--- Requirement ---
The records sit below. Return every line in them that holds the word "vpick".

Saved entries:
= Beginning of Section =
Lemma hyperplane_capI F W1 W2 :
  hyperplane_cap F W1 -> hyperplane_cap F W2 -> hyperplane_cap F (W1 :&: W2)%VS.
Proof.
move=> [Hs1 hyp1 ->] [Hs2 hyp2 ->]; exists (Hs1 ++ Hs2); last by rewrite big_cat.
by move=> H; rewrite mem_cat => /orP[/hyp1|/hyp2].
Qed.

Lemma hyperplane_cap_gen F H : hyperplane_gen F H -> hyperplane_cap F H.
Proof.
by move=> hypH; exists [:: H]; rewrite ?big_seq1 // => H'; rewrite inE => /eqP->.
Qed.

Lemma hyperplane_gen_basis_rem F (B : seq V) b :
  free B -> {subset B <= F} -> <<B>>%VS = fullv -> b \in B ->
  hyperplane_gen F <<filter (predC1 b) B>>%VS.
Proof.
move=> fB BF eB bB; have uB := free_uniq fB.
have enumB := perm_enum_set_uniq (filter_uniq (predC1 b) uB).
exists [set x in filter (predC1 b) B]; split.
- by apply/subsetP => x; rewrite inE mem_filter => /andP[_ /BF].
- by rewrite cardE (perm_size enumB) -rem_filter // size_rem // -(eqP fB) eB dim_rV.
- by rewrite /indep (perm_free enumB) filter_free.
- by rewrite (eq_span (perm_mem enumB)).
Qed.

Section SpanningFamily.
Variable F : {set V}.
Hypothesis spanF : <<enum F>>%VS = fullv.

Lemma free_extension_in (s : seq V) : free s -> {subset s <= F} ->
  exists B, [/\ free B, {subset s <= B}, {subset B <= F} & <<B>>%VS = fullv].
Proof.
move=> fs sF; have [B [fB sB BsF eB]] := free_extension (enum F) fs.
exists B; split=> //.
  by move=> x /BsF; rewrite mem_cat mem_enum => /orP[/sF|].
apply/eqP; rewrite eqEsubv subvf /= eB -spanF; apply: sub_span => x xF.
by rewrite mem_cat xF orbT.
Qed.

Lemma hyperplane_cap_span I : I \subset F -> hyperplane_cap F <<enum I>>%VS.
Proof.
move=> IF; have [BI [fBI _ BIsI /= eBI]] := free_extension (enum I) (nil_free _).
have BIF : {subset BI <= F} by move=> x /BIsI; rewrite mem_enum; apply: (subsetP IF).
have [B [fB BIB BF eB]] := free_extension_in fBI BIF.
exists [seq <<filter (predC1 b) B>>%VS | b <- B & b \notin BI].
  move=> H /mapP[b]; rewrite mem_filter => /andP[_ bB] ->.
  exact: hyperplane_gen_basis_rem.
rewrite big_map -(capfv (\bigcap_(b <- _) _)%VS) -{1}eB span_cap_filter_rem // -eBI.
apply: eq_span => x; rewrite mem_filter /= mem_filter negb_and negbK.
by case: (boolP (x \in BI)) => [/BIB ->|_] //=; rewrite andNb.
Qed.

Lemma exists_hyperplane_nsub W : W != 0%VS ->
  exists2 H, hyperplane_gen F H & ~~ (W <= H)%VS.
Proof.
move=> W0; have [//|B [fB _ BF eB]] := @free_extension_in [::] (nil_free _).
have capB0 : (<<B>> :&: \bigcap_(b <- B) <<filter (predC1 b) B>>)%VS = 0%VS.
  rewrite span_cap_filter_rem // -span_nil.
  by apply: eq_span => x; rewrite mem_filter andNb.
have [/allP Wall | /allPn[b bB WNb]] :=
  boolP (all (fun b => W <= <<filter (predC1 b) B>>)%VS B).
  suff : (W <= 0)%VS by rewrite subv0 (negbTE W0).
  rewrite -capB0 subv_cap eB subvf /= big_seq.
  by elim/big_rec: _ => [|b U bB WU]; rewrite ?subvf // subv_cap WU Wall.
by exists <<filter (predC1 b) B>>%VS => //; apply: hyperplane_gen_basis_rem.
Qed.

Lemma hyperplane_cap_split W : 1 < \dim W -> exists H1 H2,
  [/\ hyperplane_gen F H1, hyperplane_gen F H2,
      \dim (W :&: H1) < \dim W, \dim (W :&: H2) < \dim W
    & (W :&: H1 + W :&: H2)%VS = W].
Proof.
move=> dimW; have W0 : W != 0%VS by rewrite -dimv_eq0 -lt0n ltnW.
have [H1 hypH1 nWH1] := exists_hyperplane_nsub W0.
have W10 : (W :&: H1)%VS != 0%VS.
  by rewrite -dimv_eq0 (dim_capv_hyperplane hypH1 nWH1) -lt0n -ltnS prednK // ltnW.
have [H2 hypH2 nW1H2] := exists_hyperplane_nsub W10.
have nWH2 : ~~ (W <= H2)%VS by apply: contra nW1H2; apply: subv_trans; apply: capvSl.
have ltW1 : (\dim W).-1 < \dim W by rewrite ltn_predL ltnW.
exists H1, H2; split;
  rewrite ?(dim_capv_hyperplane hypH1 nWH1) ?(dim_capv_hyperplane hypH2 nWH2) //.
apply/eqP; rewrite eqEdim subv_add !capvSl /=.
have : \dim (W :&: H2) < \dim (W :&: H1 + W :&: H2).
  rewrite (ltn_leqif (dimv_leqif_sup (addvSr _ _))) subv_add subvv andbT.
  by apply: contra nW1H2 => /subv_trans-> //; apply: capvSr.
rewrite (dim_capv_hyperplane hypH2 nWH2); lia.
Qed.

End SpanningFamily.

End Hyperplanes.

Section ExtendedFamily.
Variables (K : finFieldType) (N : nat).
Local Notation V := 'rV[K]_N.
Implicit Types (A F : {set V}) (W : {vspace V}).

Definition span_in A W : {vspace V} := <<enum [set w in A | w \in W]>>%VS.

Lemma span_in_sub A W : (span_in A W <= W)%VS.
Proof. by apply/span_subvP => w; rewrite mem_enum inE => /andP[]. Qed.

Lemma span_inS A W1 W2 : (W1 <= W2)%VS -> (span_in A W1 <= span_in A W2)%VS.
Proof.
move=> sW12; apply: sub_span => w; rewrite !mem_enum !inE => /andP[-> /=].
exact: (subvP sW12).
Qed.

Variables F Fbar : {set V}.
Hypothesis spanF : <<enum F>>%VS = fullv.
Hypothesis lineF : forall v, line_of_hyperplanes F v ->
  exists2 w, w \in Fbar & <[w]>%VS = <[v]>%VS.

Lemma hyperplane_cap_line_sub W : hyperplane_cap F W -> \dim W <= 1 ->
  (W <= span_in Fbar W)%VS.
Proof.
move=> [Hs hypHs eW] dimW; have [-> | W0] := eqVneq W 0%VS; first exact: sub0v.
have pick0 : vpick W != 0%R by rewrite vpick0.
have eWpick : W = <[vpick W]>%VS.
  by apply/eqP; rewrite eq_sym eqEdim -memvE memv_pick dim_vline pick0.
have [w wFbar ew] : exists2 w, w \in Fbar & <[w]>%VS = <[vpick W]>%VS.
  by apply: lineF; split=> //; exists Hs; rewrite -eWpick -eW.
rewrite {1}eWpick -ew -memvE memv_span // mem_enum inE wFbar /=.
by rewrite eWpick -ew memv_line.
Qed.

Lemma hyperplane_cap_spanned W : hyperplane_cap F W -> span_in Fbar W = W.
Proof.
have [n] := ubnP (\dim W); elim: n W => // n IH W ltWn capW.
apply/eqP; rewrite eqEsubv span_in_sub /=.
have [dimW | dimW] := leqP (\dim W) 1; first exact: hyperplane_cap_line_sub.
have [H1 [H2 [hypH1 hypH2 ltW1 ltW2 <-]]] := hyperplane_cap_split spanF dimW.
have spanned H : hyperplane_gen F H -> \dim (W :&: H) < \dim W ->
    span_in Fbar (W :&: H) = (W :&: H)%VS.
  move=> hypH ltWH; apply: IH; first exact: leq_trans ltWH _.
  exact: hyperplane_capI capW (hyperplane_cap_gen hypH).
rewrite subv_add -{1}(spanned _ hypH1 ltW1) -{2}(spanned _ hypH2 ltW2).
by rewrite !span_inS ?addvSl ?addvSr.
Qed.

End ExtendedFamily.

Section MatroidIsomorphism.
Variables (K : finFieldType) (N : nat).
Local Notation V := 'rV[K]_N.
Variables (Fbar Gbar : {set V}) (psi : V -> V).
Hypothesis iso : matroid_iso Fbar Gbar psi.

Lemma dim_span_imset (X : {set V}) : X \subset Fbar ->
  \dim <<enum X>>%VS = \dim <<enum (psi @: X)%SET>>%VS.
Proof.
have [injFbar _ indepE] := iso.
have inj_sub (Y : {set V}) : Y \subset Fbar -> {in Y &, injective psi}.
  by move/subsetP/sub_in2; apply.
move=> XFbar; apply/eqP; rewrite eqn_leq; apply/andP; split.
  have [J [JX indepJ <-]] := indep_spanning_subset X.
  have JFbar := subset_trans JX XFbar.
  rewrite dim_indep // -(card_in_imset (inj_sub _ JFbar)).
  by apply: card_indep_le_dim; [exact: imsetS | rewrite -indepE].
have [J' [J'X indepJ' <-]] := indep_spanning_subset (psi @: X).
have JFbar : X :&: psi @^-1: J' \subset Fbar := subset_trans (subsetIl _ _) XFbar.
rewrite dim_indep // -(imset_preimset J'X) (card_in_imset (inj_sub _ JFbar)).
by apply: card_indep_le_dim (subsetIl _ _) _; rewrite indepE // imset_preimset.
Qed.

Lemma mem_span_imset (I : {set V}) w : I \subset Fbar -> w \in Fbar ->
  (w \in <<enum I>>%VS) = (psi w \in <<enum (psi @: I)%SET>>%VS).
Proof.
move=> IFbar wFbar; rewrite !memv_span_set_dim -imsetU1 -!dim_span_imset //.
by rewrite subUset sub1set wFbar.
Qed.

End MatroidIsomorphism.

Section SpanTypes.
Variables (K : finFieldType) (N : nat).
Local Notation V := 'rV[K]_N.
Implicit Types (F : {set V}) (Tt S : {set {set V}}) (phi : {set V} -> {set V}).

(* Subsets not contained in [F] belong to every type, so they impose no constraint. *)
Definition span_type F phi (v : V) : {set {set V}} :=
  [set I : {set V} | (I \subset F) ==> (v \in <<enum (phi I)>>%VS)].

Definition min_card_in F Tt : nat :=
  \big[minn/N.+1]_(I : {set V} | (I \subset F) && (I \in Tt)) #|I|.

Lemma wt_span_type F v : wt F v = min_card_in F (span_type F id v).
Proof. by apply: eq_bigl => I; rewrite inE; case: (I \subset F). Qed.

Lemma wt_imset_span_type F (psi : V -> V) v : {in F &, injective psi} ->
  wt (psi @: F) v = min_card_in F (span_type F (fun I => psi @: I) v).
Proof.
move=> injF; apply: eq_bigmin_image => [J /andP[JF vJ] | I].
  have injJ : {in F :&: psi @^-1: J &, injective psi}.
    by apply: sub_in2 injF => x /setIP[].
  exists (F :&: psi @^-1: J); last by rewrite -{2}(imset_preimset JF) card_in_imset.
  by rewrite subsetIl inE subsetIl /= imset_preimset.
rewrite inE => /andP[IF]; rewrite IF /= => vI; exists (psi @: I).
  by rewrite imsetS.
by rewrite card_in_imset //; apply: sub_in2 injF; apply/subsetP.
Qed.

Lemma memv_bigcap_span_type F phi S v :
  (v \in (\bigcap_(I in S | I \subset F) <<enum (phi I)>>)%VS) =
    (S \subset span_type F phi v).
Proof.
rewrite memvE; apply/subv_bigcapP/subsetP => [vS I IS | vS I /andP[IS IF]].
  by rewrite inE; apply/implyP => IF; rewrite memvE; apply: vS; rewrite IS.
by have := vS I IS; rewrite inE IF -memvE.
Qed.

Lemma card_upset_span_type F phi S :
  #|[set v | S \subset span_type F phi v]| =
    #|K| ^ \dim (\bigcap_(I in S | I \subset F) <<enum (phi I)>>)%VS.
Proof.
by rewrite -card_vspace; apply: eq_card => v; rewrite inE memv_bigcap_span_type.
Qed.

End SpanTypes.

Section Transfer.
Variables (K : finFieldType) (N : nat).
Local Notation V := 'rV[K]_N.
Variables (F G Fbar Gbar : {set V}) (psi : V -> V).
Hypotheses (spanF : <<enum F>>%VS = fullv) (spanG : <<enum G>>%VS = fullv).
Hypothesis lineF : forall v, line_of_hyperplanes F v ->
  exists2 w, w \in Fbar & <[w]>%VS = <[v]>%VS.
Hypothesis lineG : forall v, line_of_hyperplanes G v ->
  exists2 w, w \in Gbar & <[w]>%VS = <[v]>%VS.
Hypotheses (FFbar : F \subset Fbar) (iso : matroid_iso Fbar Gbar psi).
Hypothesis imF : psi @: F = G.

Lemma span_type_imset w : w \in Fbar ->
  span_type F id w = span_type F (fun I => psi @: I) (psi w).
Proof.
move=> wFbar; apply/setP => I; rewrite !inE; case IF: (I \subset F) => //=.
exact: (mem_span_imset iso (subset_trans IF FFbar) wFbar).
Qed.

Lemma dim_bigcap_span_imset (S : {set {set V}}) :
  \dim (\bigcap_(I in S | I \subset F) <<enum I>>)%VS =
  \dim (\bigcap_(I in S | I \subset F) <<enum (psi @: I)%SET>>)%VS.
Proof.
pose WF := (\bigcap_(I in S | I \subset F) <<enum I>>)%VS.
pose WG := (\bigcap_(I in S | I \subset F) <<enum (psi @: I)%SET>>)%VS.
have capF : hyperplane_cap F WF.
  apply: big_ind => [||I /andP[_ IF]];
    [exact: hyperplane_capT | exact: hyperplane_capI | exact: hyperplane_cap_span].
have capG : hyperplane_cap G WG.
  apply: big_ind => [||I /andP[_ IF]];
    [exact: hyperplane_capT | exact: hyperplane_capI |].
  by apply: (hyperplane_cap_span spanG); rewrite -imF; apply: imsetS.
have memWFG w : w \in Fbar -> (w \in WF) = (psi w \in WG).
  by move=> wFbar; rewrite !memv_bigcap_span_type span_type_imset.
have [_ imFbar _] := iso.
have imFbarW : psi @: [set w in Fbar | w \in WF] = [set y in Gbar | y \in WG].
  apply/setP => y; apply/imsetP/idP => [[w] | ].
    by rewrite inE => /andP[wFbar wWF] ->; rewrite inE -imFbar imset_f //= -memWFG.
  rewrite inE -imFbar => /andP[/imsetP[w wFbar ->] yWG].
  by exists w; rewrite // inE wFbar memWFG.
rewrite -/WF -/WG -(hyperplane_cap_spanned spanF lineF capF).
rewrite -(hyperplane_cap_spanned spanG lineG capG) /span_in -imFbarW.
by apply: (@dim_span_imset _ _ _ _ _ iso); apply/subsetP => w; rewrite inE => /andP[].
Qed.

End Transfer.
= End of Section =
--- Solution ---
have pick0 : vpick W != 0%R by rewrite vpick0.
have eWpick : W = <[vpick W]>%VS.
have [w wFbar ew] : exists2 w, w \in Fbar & <[w]>%VS = <[vpick W]>%VS.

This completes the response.